Collected data
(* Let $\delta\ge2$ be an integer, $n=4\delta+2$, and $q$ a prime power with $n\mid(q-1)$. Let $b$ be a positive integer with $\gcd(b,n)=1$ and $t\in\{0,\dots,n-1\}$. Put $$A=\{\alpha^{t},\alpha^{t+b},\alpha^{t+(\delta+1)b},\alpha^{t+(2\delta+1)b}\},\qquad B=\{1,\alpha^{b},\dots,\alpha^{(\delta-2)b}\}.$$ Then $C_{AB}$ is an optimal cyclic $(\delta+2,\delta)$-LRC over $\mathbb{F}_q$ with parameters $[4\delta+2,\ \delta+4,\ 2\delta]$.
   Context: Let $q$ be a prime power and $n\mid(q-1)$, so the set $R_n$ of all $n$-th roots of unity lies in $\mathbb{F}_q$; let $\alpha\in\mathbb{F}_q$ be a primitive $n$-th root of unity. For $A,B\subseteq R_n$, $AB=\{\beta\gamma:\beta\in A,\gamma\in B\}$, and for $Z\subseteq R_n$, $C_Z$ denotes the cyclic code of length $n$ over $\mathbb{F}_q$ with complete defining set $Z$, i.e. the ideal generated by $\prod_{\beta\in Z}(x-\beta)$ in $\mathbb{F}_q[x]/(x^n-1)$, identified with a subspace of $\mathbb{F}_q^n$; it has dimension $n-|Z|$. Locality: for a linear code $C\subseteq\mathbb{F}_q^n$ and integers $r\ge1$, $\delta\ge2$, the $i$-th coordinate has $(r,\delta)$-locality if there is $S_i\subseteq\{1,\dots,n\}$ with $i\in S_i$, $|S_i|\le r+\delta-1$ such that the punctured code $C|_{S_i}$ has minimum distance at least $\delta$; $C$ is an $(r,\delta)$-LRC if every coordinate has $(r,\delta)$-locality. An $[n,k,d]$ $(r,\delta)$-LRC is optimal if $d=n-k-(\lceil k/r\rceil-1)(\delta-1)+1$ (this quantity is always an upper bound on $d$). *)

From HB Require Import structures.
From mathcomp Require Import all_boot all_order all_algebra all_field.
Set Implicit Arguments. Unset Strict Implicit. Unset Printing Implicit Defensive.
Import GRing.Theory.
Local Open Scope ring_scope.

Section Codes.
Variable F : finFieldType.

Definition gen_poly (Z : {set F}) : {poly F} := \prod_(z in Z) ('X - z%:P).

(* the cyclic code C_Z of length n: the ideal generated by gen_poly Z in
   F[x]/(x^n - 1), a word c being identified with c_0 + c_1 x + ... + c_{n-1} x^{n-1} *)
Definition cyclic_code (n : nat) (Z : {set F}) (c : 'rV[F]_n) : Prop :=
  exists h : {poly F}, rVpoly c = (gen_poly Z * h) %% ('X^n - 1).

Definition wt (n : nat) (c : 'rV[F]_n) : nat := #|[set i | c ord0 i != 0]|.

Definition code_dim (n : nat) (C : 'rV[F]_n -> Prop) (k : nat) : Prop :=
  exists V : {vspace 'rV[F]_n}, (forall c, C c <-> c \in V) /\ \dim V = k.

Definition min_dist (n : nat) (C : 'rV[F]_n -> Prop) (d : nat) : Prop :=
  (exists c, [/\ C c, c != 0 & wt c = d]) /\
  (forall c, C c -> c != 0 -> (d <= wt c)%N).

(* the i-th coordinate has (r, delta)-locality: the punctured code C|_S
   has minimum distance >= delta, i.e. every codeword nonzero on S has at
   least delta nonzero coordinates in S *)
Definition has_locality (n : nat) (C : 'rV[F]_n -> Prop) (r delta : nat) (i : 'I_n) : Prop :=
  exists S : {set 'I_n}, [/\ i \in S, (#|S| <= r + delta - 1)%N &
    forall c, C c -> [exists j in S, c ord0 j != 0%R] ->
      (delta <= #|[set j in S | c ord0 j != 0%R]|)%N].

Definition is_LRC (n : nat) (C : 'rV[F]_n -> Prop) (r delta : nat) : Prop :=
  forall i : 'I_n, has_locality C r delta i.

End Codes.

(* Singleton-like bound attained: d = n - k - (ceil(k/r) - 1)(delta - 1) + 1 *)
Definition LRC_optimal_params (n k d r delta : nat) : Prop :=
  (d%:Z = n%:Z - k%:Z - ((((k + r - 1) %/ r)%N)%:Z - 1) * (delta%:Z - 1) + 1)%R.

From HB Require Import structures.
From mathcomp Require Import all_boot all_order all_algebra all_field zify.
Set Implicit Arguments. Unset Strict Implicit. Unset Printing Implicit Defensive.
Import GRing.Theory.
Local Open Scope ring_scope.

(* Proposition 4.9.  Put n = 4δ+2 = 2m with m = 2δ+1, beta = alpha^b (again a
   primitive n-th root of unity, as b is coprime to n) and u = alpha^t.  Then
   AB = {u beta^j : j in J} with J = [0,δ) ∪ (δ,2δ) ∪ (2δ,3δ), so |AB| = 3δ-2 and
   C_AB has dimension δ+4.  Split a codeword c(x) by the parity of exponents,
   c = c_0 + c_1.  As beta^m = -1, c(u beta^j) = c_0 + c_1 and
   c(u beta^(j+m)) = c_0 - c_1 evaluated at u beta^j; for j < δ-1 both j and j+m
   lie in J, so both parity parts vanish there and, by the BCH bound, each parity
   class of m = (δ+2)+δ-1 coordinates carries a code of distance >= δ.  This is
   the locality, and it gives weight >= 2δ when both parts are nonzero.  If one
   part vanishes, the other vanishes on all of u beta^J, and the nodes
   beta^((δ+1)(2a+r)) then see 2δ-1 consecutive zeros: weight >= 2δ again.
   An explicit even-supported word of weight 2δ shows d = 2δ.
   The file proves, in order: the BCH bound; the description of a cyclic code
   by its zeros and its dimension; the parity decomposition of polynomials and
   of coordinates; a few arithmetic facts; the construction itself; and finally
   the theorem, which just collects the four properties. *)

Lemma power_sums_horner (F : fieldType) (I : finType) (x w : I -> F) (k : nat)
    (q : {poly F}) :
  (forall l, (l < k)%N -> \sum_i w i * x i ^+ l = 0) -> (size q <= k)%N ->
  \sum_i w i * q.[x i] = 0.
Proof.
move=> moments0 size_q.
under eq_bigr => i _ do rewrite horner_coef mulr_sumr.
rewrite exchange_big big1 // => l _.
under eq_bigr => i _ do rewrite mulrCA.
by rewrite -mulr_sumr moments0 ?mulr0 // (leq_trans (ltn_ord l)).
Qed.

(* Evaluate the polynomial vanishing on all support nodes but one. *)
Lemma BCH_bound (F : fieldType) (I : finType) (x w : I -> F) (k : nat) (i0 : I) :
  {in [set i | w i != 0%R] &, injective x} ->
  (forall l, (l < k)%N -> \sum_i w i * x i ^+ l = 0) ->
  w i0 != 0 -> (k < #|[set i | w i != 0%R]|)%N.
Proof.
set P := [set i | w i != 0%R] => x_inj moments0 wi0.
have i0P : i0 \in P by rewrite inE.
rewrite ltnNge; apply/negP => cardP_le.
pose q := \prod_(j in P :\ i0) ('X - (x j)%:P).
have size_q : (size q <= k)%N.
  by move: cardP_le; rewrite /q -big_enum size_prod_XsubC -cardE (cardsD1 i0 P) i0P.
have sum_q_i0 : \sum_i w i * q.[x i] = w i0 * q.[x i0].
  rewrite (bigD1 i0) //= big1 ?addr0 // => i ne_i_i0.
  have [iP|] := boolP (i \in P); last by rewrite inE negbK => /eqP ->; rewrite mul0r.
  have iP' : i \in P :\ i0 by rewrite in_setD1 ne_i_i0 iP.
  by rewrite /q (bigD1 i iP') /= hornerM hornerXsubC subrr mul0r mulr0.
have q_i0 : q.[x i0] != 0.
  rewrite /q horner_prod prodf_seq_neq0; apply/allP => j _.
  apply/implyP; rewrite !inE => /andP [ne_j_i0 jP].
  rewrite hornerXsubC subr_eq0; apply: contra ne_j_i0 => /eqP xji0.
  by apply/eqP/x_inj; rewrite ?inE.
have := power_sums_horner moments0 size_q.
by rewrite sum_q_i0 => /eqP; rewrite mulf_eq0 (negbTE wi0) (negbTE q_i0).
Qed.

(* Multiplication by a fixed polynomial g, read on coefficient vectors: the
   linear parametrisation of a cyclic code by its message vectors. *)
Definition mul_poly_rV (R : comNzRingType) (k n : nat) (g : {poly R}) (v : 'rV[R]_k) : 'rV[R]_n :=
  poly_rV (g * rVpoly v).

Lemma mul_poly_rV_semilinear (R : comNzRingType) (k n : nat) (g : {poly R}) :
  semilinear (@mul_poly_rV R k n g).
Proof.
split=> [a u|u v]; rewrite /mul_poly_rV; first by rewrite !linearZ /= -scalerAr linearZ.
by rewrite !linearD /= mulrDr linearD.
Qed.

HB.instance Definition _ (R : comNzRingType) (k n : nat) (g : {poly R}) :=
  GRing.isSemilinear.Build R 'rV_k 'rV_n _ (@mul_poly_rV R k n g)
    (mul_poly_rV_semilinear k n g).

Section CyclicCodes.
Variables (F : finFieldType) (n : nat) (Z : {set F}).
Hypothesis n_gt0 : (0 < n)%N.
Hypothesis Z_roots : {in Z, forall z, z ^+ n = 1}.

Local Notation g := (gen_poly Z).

Task prompt
Working from the records above, write out verbatim only the lines from the line containing "by its zeros" through the line containing "under eq_bigr => i _ do rewrite horner_coef".

Result for this task
   by its zeros and its dimension; the parity decomposition of polynomials and
   of coordinates; a few arithmetic facts; the construction itself; and finally
   the theorem, which just collects the four properties. *)

Lemma power_sums_horner (F : fieldType) (I : finType) (x w : I -> F) (k : nat)
    (q : {poly F}) :
  (forall l, (l < k)%N -> \sum_i w i * x i ^+ l = 0) -> (size q <= k)%N ->
  \sum_i w i * q.[x i] = 0.
Proof.
move=> moments0 size_q.
under eq_bigr => i _ do rewrite horner_coef mulr_sumr.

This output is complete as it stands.